Went on to my second mini with the same problem and yes, lo and behold I went through the same exact procedure with same results. So, for whatever it's worth. There ya go.


----------



## BBHughes (Dec 26, 2006)

It makes no sense that this would do anything but banging away at the TiVo button fixed the mini I have that was stuck in a boot loop and hadn't worked in months. Thanks for this weird trick!

Sent from my SM-G965U using Tapatalk


----------



## kad7777 (Mar 21, 2008)

BBHughes said:


> It makes no sense that this would do anything but banging away at the TiVo button fixed the mini I have that was stuck in a boot loop and hadn't worked in months. Thanks for this weird trick!
> 
> Sent from my SM-G965U using Tapatalk


I know. Weird huh?


----------



## jeffinva (Jan 5, 2015)

Hah... this just fixed my Tivo Mini Vox that would go to the boot up screen to no signal. Thanks!


----------



## Russell_ (May 21, 2016)

jeffinva said:


> Hah... this just fixed my Tivo Mini Vox that would go to the boot up screen to no signal. Thanks!


My issue was exactly as succinctly described above. Sincere appreciation to @kad7777 for the solution!

My observation: there appear to be three phases (to my problem).
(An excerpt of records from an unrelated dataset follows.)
(* Let $\varphi\colon M\rightarrow N$ be a homomorphism of monoids such that $N$ is locally finite and the trace $\mathrm{tr}_{\varphi}(n_1,n_2)$ is locally finite for all $n_1,n_2\in N$. Then $M$ is locally finite.
   Context: A monoid is locally finite if all its finitely generated submonoids are finite. For a monoid homomorphism $\varphi\colon M\to N$ and $(n_1,n_2)\in N\times N$, the trace $\mathrm{tr}_{\varphi}(n_1,n_2)$ is the quotient of the submonoid $\{m\in M\mid n_1\varphi(m)=n_1,\ \varphi(m)n_2=n_2\}$ of $M$ by the congruence $\equiv$ defined by $m\equiv m'$ if and only if $m_1mm_2=m_1m'm_2$ for all $m_1\in\varphi^{-1}(n_1)$ and all $m_2\in\varphi^{-1}(n_2)$. *)

From Stdlib Require Import List.
Import ListNotations.
Set Implicit Arguments.

Record monoid := Monoid {
  carrier :> Type;
  mop : carrier -> carrier -> carrier;
  munit : carrier;
  mopA : forall x y z, mop x (mop y z) = mop (mop x y) z;
  mop1l : forall x, mop munit x = x;
  mop1r : forall x, mop x munit = x
}.
Arguments mop {m}.
Arguments munit {m}.

Definition is_hom {M N : monoid} (f : M -> N) : Prop :=
  f munit = munit /\ forall x y, f (mop x y) = mop (f x) (f y).

Inductive gen {M : monoid} (s : list M) : M -> Prop :=
| gen_unit : gen s (@munit M)
| gen_elt : forall x, In x s -> gen s x
| gen_mul : forall x y, gen s x -> gen s y -> gen s (mop x y).

(* Local finiteness of the quotient monoid  S / eqv,  where S = {m | P m} is a
   submonoid of M and eqv a congruence on S.  Written out: for every finite
   family of elements of S, the submonoid of S/eqv generated by their classes
   is finite, i.e. the submonoid of S they generate meets only finitely many
   eqv-classes (the list t gives representatives of those classes). *)
Definition locally_finite_quot {M : monoid} (P : M -> Prop)
    (eqv : M -> M -> Prop) : Prop :=
  forall s : list M, (forall x, In x s -> P x) ->
    exists t : list M, forall x, gen s x -> exists y, In y t /\ eqv x y.

Definition locally_finite (M : monoid) : Prop :=
  forall s : list M, exists t : list M, forall x, gen s x -> In x t.

Definition trace_sub {M N : monoid} (phi : M -> N) (n1 n2 : N) (m : M) : Prop :=
  mop n1 (phi m) = n1 /\ mop (phi m) n2 = n2.

Definition trace_equiv {M N : monoid} (phi : M -> N) (n1 n2 : N)
    (m m' : M) : Prop :=
  forall m1 m2 : M, phi m1 = n1 -> phi m2 = n2 ->
    mop (mop m1 m) m2 = mop (mop m1 m') m2.

Definition trace_locally_finite {M N : monoid} (phi : M -> N) (n1 n2 : N) : Prop :=
  locally_finite_quot (trace_sub phi n1 n2) (trace_equiv phi n1 n2).

(* Write elements of a finitely generated submonoid of M as words over the
   generators.  A cut u = a ++ b of a word standing between contexts n1, n2 in N
   yields the pair (n1 phi(a), phi(b) n2); since N is locally finite, only
   finitely many pairs occur.  By induction on a finite set C of pairs, the words
   all of whose cuts give pairs in C fall into finitely many classes of the
   equivalence "same trace class, same images in the contexts".  To add a pair
   (c1, c2), cut a word at its first and at its last cut giving (c1, c2): the
   outer pieces avoid that pair, and the middle piece is a product of elements
   of the trace tr(c1, c2), which realise finitely many classes because the
   trace is locally finite.  In the context (1, 1) the equivalence is equality. *)

From Stdlib Require Import List Classical Lia Wf_nat.
Import ListNotations.
Set Implicit Arguments.

Lemma ex_argmin_nat {A : Type} (f : A -> nat) (P : A -> Prop) :
  (exists x, P x) -> exists x, P x /\ forall y, P y -> f x <= f y.
Proof.
  intros [x0 Px0].
  destruct (dec_inh_nat_subset_has_unique_least_element
              (fun n => exists x, P x /\ f x = n))
    as [n [[[x [Px <-]] Hmin] _]].
  - intros n; apply classic.
  - eauto.
  - exists x; split; auto.
    intros y Py; apply Hmin; eauto.
Qed.

Lemma ex_filter {A : Type} (P : A -> Prop) (l : list A) :
  exists l', forall x, In x l' <-> In x l /\ P x.
Proof.
  induction l as [|y l [l' H]]; [exists []; simpl; tauto |].
  destruct (classic (P y)); [exists (y :: l') | exists l'];
    intros x; simpl; rewrite H; intuition congruence.
Qed.

Lemma ex_representatives {A : Type} (R : A -> A -> Prop) (Q : A -> Prop) (t : list A) :
  exists t', (forall g, In g t' -> Q g) /\
    forall y, In y t -> (exists g, Q g /\ R g y) -> exists g, In g t' /\ R g y.
Proof.
  induction t as [|y t [t' [Ht' Hrep]]]; [exists []; simpl; tauto |].
  destruct (classic (exists g, Q g /\ R g y)) as [[g [Qg Rg]] | Hno].
  - exists (g :: t'); split; [intros g' [<- | Hg']; auto |].
    intros y' [<- | Hy'] Hex; [exists g; simpl; auto |].
    destruct (Hrep y' Hy' Hex) as [g' [Hg' Rg']]; exists g'; simpl; auto.
  - exists t'; split; auto.
    intros y' [<- | Hy'] Hex; [contradiction | auto].
Qed.

Section Splits.
Variable A : Type.

Lemma app_eq_app_le (x r y b : list A) :
  x ++ r = y ++ b -> length x <= length y -> exists m, y = x ++ m /\ r = m ++ b.
Proof.
  intros E Hle; destruct (app_eq_app _ _ _ _ E) as [l [[-> ->] | [-> ->]]].
  - rewrite length_app in Hle.
    destruct l; [exists []; rewrite !app_nil_r; auto | simpl in Hle; lia].
  - eauto.
Qed.

Lemma first_last_split (P : list A -> list A -> Prop) (u : list A) :
  (exists a b, u = a ++ b /\ a <> [] /\ b <> [] /\ P a b) ->
  exists x m b, u = x ++ m ++ b /\ P x (m ++ b) /\ P (x ++ m) b /\
    (forall a1 a2, x = a1 ++ a2 -> a1 <> [] -> a2 <> [] -> ~ P a1 (a2 ++ m ++ b)) /\
    (forall b1 b2, b = b1 ++ b2 -> b1 <> [] -> b2 <> [] -> ~ P (x ++ m ++ b1) b2).
Proof.
  set (S := fun ab : list A * list A =>
    u = fst ab ++ snd ab /\ fst ab <> [] /\ snd ab <> [] /\ P (fst ab) (snd ab)).
  intros [a [b Hab]].
  destruct (ex_argmin_nat (fun ab => length (fst ab)) S) as [[x r] [Sx Hx]];
    [exists (a, b); exact Hab |].
  destruct (ex_argmin_nat (fun ab => length (snd ab)) S) as [[y b'] [Sy Hy]];
    [exists (a, b); exact Hab |].
  destruct Sx as [Ex [Hx0 [Hr0 Pxr]]], Sy as [Ey [Hy0 [Hb0 Pyb]]]; simpl in *.
  destruct (app_eq_app_le x r y b') as [m [-> ->]];
    [congruence | apply (Hx (y, b')); repeat split; auto |].
  exists x, m, b'; repeat split; auto.
  - intros a1 a2 -> H1 H2 HP.
    assert (Hlt : length (a1 ++ a2) <= length a1) by (apply (Hx (a1, a2 ++ m ++ b'));
      repeat split; simpl; auto; [rewrite Ex, !app_assoc; reflexivity
                                 | destruct a2; simpl; congruence]).
    destruct a2; [congruence | rewrite length_app in Hlt; simpl in Hlt; lia].
  - intros b1 b2 -> H1 H2 HP.
    assert (Hlt : length (b1 ++ b2) <= length b2) by (apply (Hy (x ++ m ++ b1, b2));
      repeat split; simpl; auto; [rewrite Ex, !app_assoc; reflexivity
                                 | destruct x; simpl; congruence]).
    destruct b1; [congruence | rewrite length_app in Hlt; simpl in Hlt; lia].
Qed.

End Splits.

Section Words.
Context {M : monoid}.

Definition mprod (u : list M) : M := fold_right mop munit u.

Lemma mprod_app (u w : list M) : mprod (u ++ w) = mop (mprod u) (mprod w).
Proof.
  induction u as [|x u IH]; simpl; [now rewrite mop1l | now rewrite IH, mopA].
Qed.

Lemma gen_mprod (s u : list M) : incl u s -> gen s (mprod u).
Proof.
  induction u as [|x u IH]; intros Hu; simpl; [apply gen_unit |].
  apply incl_cons_inv in Hu as [Hx Hu].
  apply gen_mul; [apply gen_elt |]; auto.
Qed.

Lemma gen_ex_mprod (s : list M) (x : M) : gen s x -> exists u, incl u s /\ mprod u = x.
Proof.
  induction 1 as [|x Hx|x y _ [u [Hu <-]] _ [w [Hw <-]]].
  - exists []; split; [apply incl_nil_l | reflexivity].
  - exists [x]; split; [intros y [<-|[]]; auto | apply mop1r].
  - exists (u ++ w); split; [apply incl_app | apply mprod_app]; auto.
Qed.

End Words.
First the colorful Tivo Logo. Pressing the remote at this stage did not change the color of the led on the front of the mini. Next, "Starting" for a very long time. Once again, pressing the remote at this stage did not change the color of the led on the front of the mini. Finally, the screen flashed a couple of times (green in my case) and then "Starting" again. Previously this would last for a relatively short time and then I'd experience no signal. I noticed that pressing the remote at this stage *DID* change the color of the led on the front of the mini to a reddish color. And, this time it went to the home screen. I went to "Reset to Defaults" and cleared and deleted everything. Do note I have no evidence whether pressing the remote in the earlier stages helped or not - all I'm describing is what I saw in the led on the front of the mini.


----------



## JxxAxxY (Oct 19, 2018)

I believe I went through this same exact issue where I was stuck on a loop. However I can't tell you what I did to fix it or if it just decided to work on its own.


----------



## Expidia (Jul 10, 2015)

I'm on my 3rd replacement out of 4 minis in my home. Don't let them charge you $79 as they will tell you its their Vox mini which are the same as the old ones. Tell them that you see others being charged $39 on your tivo forum. They will come back and say OK they can give you the promo rate of $39. It was awhile ago when I set my system up, but I thought tv mini's had a lifetime warranty? The replacement fee should be only $39. They arrive quickly in a few days. Once you see the looping tivo guy "thats it thats all folks" . . . it has to be replaced.


----------



## dougdingle (Jul 4, 2007)

I find it just a _*massive*_ coincidence that roughly 5 years in, Minis are failing at an incredible rate. I've had two out of four go belly-up so far within days of each other. Bootloops, Red Screens of Death, work for a while then fall into another bootloop.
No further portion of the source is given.